Task brief
Return each line of the entries that mentions the word "opprK".

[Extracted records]
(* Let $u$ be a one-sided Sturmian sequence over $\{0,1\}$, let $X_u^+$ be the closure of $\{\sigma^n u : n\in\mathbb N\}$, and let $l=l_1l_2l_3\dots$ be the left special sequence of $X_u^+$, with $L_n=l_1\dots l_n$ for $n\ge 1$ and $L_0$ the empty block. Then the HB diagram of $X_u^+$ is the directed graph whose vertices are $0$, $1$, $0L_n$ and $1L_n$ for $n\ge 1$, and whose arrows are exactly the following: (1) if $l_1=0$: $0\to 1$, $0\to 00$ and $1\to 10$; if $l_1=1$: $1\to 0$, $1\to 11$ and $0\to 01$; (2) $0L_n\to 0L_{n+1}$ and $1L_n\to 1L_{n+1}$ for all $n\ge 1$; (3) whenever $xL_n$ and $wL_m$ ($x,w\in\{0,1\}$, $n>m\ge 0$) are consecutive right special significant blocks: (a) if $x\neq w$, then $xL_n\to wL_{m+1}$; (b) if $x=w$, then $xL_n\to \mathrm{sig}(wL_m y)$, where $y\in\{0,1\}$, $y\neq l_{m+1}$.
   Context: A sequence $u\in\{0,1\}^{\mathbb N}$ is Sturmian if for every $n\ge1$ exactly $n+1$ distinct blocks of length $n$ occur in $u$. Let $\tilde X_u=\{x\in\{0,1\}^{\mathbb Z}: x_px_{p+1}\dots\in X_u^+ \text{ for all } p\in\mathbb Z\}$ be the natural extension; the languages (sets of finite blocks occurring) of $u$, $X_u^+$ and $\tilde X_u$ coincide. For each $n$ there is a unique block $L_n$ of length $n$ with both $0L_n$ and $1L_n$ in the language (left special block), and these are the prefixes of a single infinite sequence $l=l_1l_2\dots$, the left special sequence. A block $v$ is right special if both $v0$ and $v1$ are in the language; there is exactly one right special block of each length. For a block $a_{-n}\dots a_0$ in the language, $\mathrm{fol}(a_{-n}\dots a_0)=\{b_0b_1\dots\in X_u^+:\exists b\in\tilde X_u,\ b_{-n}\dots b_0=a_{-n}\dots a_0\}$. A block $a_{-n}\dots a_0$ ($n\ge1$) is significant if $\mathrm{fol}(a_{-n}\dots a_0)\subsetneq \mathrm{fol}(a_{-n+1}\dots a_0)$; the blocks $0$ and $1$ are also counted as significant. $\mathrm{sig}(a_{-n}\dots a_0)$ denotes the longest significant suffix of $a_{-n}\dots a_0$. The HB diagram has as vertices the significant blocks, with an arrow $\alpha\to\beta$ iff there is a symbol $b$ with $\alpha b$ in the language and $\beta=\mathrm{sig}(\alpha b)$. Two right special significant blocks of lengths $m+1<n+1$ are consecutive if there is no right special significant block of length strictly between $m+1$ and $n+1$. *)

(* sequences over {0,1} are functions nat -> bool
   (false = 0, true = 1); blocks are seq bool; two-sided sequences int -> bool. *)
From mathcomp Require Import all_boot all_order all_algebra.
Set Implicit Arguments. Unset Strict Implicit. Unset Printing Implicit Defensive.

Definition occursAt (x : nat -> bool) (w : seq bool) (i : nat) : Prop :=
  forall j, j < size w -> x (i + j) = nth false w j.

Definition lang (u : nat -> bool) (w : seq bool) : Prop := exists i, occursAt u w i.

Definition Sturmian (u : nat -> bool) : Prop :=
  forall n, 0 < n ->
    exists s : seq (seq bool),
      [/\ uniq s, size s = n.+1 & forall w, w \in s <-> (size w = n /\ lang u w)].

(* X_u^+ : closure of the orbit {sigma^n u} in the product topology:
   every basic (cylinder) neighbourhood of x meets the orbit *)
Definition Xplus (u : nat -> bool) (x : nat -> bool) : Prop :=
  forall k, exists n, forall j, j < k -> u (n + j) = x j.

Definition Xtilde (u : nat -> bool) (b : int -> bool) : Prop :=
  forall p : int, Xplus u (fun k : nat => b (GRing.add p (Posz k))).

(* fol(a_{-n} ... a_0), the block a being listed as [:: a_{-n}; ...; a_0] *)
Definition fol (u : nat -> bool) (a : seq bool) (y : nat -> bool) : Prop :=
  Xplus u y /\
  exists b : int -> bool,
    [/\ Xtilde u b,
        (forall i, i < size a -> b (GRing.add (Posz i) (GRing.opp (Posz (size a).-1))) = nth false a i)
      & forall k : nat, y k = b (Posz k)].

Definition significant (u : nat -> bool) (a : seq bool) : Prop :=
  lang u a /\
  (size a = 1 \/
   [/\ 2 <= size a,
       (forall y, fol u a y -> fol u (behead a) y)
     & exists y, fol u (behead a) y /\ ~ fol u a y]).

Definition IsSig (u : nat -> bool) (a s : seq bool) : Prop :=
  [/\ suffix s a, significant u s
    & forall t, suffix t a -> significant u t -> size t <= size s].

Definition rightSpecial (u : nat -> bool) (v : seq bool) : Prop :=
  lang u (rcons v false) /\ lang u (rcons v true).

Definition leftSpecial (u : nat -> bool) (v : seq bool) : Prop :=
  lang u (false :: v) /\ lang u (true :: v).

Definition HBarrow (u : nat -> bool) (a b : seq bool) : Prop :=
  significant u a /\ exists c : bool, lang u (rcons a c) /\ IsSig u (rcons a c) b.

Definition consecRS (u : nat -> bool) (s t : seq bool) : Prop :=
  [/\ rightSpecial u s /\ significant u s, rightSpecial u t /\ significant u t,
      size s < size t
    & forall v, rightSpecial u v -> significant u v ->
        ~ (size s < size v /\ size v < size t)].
==
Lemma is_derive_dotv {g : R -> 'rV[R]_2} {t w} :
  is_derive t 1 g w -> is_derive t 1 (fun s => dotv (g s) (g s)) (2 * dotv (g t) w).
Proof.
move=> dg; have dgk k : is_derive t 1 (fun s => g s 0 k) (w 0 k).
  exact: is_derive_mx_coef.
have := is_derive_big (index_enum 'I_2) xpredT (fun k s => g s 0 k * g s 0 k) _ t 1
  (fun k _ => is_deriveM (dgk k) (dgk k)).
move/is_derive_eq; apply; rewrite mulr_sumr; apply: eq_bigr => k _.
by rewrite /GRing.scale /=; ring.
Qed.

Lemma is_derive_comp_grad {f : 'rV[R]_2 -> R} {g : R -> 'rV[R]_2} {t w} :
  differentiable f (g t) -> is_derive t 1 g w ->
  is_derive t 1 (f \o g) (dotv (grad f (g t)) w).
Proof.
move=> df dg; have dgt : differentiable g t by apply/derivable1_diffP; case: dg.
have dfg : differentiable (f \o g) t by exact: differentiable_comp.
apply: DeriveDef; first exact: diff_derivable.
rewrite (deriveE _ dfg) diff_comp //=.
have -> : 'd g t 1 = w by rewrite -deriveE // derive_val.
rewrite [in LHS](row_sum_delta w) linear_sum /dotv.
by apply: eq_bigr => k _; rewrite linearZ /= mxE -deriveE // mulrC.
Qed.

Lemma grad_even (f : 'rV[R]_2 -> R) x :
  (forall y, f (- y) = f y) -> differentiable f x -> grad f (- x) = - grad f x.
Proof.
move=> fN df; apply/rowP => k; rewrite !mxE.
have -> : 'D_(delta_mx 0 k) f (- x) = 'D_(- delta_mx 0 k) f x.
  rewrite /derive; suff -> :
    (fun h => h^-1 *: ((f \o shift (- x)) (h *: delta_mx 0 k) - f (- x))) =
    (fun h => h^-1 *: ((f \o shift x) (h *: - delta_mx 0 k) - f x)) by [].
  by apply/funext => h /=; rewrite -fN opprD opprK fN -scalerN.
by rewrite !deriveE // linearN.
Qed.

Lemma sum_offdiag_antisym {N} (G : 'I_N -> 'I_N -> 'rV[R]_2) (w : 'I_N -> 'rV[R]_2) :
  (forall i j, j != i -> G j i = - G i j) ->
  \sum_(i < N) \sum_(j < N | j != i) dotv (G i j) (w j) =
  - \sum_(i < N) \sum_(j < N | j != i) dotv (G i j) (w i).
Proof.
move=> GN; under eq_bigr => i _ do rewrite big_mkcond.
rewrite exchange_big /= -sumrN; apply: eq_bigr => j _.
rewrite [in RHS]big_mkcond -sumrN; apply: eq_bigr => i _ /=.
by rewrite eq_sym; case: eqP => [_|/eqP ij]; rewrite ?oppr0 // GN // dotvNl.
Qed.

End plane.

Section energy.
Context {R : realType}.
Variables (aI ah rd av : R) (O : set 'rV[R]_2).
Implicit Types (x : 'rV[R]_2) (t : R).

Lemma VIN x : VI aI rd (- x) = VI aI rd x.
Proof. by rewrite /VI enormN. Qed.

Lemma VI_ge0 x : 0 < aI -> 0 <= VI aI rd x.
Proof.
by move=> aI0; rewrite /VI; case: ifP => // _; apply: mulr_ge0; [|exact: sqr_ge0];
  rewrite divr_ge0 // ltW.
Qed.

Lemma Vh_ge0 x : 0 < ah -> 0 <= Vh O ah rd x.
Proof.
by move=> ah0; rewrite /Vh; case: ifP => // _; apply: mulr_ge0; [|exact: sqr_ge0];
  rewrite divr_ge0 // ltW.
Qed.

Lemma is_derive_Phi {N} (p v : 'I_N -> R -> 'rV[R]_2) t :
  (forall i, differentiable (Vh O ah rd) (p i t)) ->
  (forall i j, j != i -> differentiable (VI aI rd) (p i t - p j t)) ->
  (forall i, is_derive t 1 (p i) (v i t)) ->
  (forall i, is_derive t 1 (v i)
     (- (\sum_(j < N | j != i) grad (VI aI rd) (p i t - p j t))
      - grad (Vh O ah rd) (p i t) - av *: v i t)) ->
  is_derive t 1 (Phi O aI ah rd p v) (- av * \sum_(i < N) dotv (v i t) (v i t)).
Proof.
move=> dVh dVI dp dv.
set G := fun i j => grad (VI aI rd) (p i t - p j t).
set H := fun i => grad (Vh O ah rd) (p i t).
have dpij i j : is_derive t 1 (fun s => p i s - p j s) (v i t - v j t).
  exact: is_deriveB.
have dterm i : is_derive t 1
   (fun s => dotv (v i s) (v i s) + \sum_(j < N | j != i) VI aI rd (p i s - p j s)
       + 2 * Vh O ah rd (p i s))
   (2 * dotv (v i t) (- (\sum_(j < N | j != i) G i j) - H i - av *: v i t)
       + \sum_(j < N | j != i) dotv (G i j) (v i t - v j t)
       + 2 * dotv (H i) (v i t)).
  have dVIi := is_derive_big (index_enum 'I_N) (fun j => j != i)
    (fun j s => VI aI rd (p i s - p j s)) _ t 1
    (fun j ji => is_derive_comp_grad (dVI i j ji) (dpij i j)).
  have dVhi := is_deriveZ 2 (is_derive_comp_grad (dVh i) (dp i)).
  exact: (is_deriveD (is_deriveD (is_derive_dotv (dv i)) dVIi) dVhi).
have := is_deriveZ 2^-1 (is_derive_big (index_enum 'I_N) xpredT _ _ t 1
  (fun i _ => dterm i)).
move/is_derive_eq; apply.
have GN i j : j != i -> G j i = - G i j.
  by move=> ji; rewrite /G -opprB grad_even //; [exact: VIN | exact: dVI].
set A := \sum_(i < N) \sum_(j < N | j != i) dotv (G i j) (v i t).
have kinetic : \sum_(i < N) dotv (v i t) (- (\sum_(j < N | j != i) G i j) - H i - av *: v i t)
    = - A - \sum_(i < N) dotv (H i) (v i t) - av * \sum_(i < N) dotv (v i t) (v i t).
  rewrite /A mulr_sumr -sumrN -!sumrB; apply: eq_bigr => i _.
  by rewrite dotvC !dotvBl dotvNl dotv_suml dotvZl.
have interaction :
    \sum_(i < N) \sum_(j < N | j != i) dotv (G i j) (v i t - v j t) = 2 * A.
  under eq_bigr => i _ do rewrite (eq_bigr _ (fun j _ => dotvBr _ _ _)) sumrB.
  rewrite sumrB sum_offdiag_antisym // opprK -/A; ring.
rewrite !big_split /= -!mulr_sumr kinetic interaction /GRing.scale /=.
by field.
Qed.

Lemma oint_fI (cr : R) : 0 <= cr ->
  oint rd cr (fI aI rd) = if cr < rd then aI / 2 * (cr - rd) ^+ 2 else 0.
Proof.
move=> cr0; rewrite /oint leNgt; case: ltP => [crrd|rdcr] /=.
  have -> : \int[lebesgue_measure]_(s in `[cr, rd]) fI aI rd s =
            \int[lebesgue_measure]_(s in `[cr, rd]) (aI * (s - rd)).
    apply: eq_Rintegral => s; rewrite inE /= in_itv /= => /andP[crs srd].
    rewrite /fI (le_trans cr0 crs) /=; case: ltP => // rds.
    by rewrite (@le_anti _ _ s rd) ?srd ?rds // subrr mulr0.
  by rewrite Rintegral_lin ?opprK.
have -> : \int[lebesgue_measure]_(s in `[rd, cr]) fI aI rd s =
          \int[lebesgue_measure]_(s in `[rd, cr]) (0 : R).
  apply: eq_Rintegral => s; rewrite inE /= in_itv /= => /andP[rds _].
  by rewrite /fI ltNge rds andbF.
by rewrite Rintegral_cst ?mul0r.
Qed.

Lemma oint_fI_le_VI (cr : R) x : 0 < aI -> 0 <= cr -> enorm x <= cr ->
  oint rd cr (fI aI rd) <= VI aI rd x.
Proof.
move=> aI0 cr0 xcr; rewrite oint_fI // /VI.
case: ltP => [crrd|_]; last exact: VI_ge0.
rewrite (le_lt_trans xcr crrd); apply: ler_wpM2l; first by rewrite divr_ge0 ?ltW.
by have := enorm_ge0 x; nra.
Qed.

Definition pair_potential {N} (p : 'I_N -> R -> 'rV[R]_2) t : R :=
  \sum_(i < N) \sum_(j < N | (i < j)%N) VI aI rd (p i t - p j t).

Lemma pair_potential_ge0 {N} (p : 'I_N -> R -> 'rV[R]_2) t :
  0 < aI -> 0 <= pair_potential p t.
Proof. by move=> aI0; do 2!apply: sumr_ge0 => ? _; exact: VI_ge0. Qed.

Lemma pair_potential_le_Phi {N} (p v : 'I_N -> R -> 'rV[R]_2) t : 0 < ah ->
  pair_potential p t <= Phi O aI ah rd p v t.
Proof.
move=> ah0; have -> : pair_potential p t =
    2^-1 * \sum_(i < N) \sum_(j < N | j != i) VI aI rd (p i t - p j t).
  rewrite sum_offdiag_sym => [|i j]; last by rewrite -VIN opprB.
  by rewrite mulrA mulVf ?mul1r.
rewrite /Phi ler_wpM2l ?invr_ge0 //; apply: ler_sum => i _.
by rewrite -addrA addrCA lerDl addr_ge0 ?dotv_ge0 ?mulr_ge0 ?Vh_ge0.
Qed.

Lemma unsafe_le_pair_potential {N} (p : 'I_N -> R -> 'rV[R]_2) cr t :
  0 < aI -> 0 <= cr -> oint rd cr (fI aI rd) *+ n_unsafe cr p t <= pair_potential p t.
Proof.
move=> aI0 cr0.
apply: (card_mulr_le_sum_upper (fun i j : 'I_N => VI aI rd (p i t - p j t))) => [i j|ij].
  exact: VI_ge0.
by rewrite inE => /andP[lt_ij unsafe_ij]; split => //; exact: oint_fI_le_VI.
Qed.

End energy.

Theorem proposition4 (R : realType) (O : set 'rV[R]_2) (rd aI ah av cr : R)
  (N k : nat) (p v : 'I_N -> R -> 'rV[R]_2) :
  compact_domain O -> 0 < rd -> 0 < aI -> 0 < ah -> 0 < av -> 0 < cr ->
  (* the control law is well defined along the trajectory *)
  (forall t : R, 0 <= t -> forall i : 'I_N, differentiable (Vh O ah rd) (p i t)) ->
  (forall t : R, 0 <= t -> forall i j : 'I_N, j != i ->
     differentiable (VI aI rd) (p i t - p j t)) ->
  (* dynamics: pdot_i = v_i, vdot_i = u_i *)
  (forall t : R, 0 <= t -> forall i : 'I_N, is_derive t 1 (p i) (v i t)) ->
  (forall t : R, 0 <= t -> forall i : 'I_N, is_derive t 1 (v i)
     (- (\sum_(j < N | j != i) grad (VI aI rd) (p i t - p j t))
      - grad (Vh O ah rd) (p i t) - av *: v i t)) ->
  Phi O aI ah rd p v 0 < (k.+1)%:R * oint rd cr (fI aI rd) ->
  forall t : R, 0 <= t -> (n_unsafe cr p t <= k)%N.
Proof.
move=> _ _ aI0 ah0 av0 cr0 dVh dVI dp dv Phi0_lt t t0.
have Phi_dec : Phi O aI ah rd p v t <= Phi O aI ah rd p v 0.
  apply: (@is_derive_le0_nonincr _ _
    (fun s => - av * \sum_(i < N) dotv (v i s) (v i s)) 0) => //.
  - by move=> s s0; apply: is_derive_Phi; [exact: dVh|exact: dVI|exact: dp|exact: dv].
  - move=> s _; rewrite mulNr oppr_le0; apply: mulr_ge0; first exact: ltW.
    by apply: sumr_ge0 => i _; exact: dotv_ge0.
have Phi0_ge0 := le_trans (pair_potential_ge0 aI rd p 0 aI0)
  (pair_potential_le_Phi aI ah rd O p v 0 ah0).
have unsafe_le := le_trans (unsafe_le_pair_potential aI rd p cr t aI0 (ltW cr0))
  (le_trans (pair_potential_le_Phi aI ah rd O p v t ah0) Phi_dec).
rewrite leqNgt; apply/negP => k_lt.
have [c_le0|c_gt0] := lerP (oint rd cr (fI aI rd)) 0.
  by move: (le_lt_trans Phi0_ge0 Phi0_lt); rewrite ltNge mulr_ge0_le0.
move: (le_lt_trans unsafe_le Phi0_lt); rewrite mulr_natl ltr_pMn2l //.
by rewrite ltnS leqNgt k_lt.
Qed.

Your solution
  by apply/funext => h /=; rewrite -fN opprD opprK fN -scalerN.
  rewrite sumrB sum_offdiag_antisym // opprK -/A; ring.
  by rewrite Rintegral_lin ?opprK.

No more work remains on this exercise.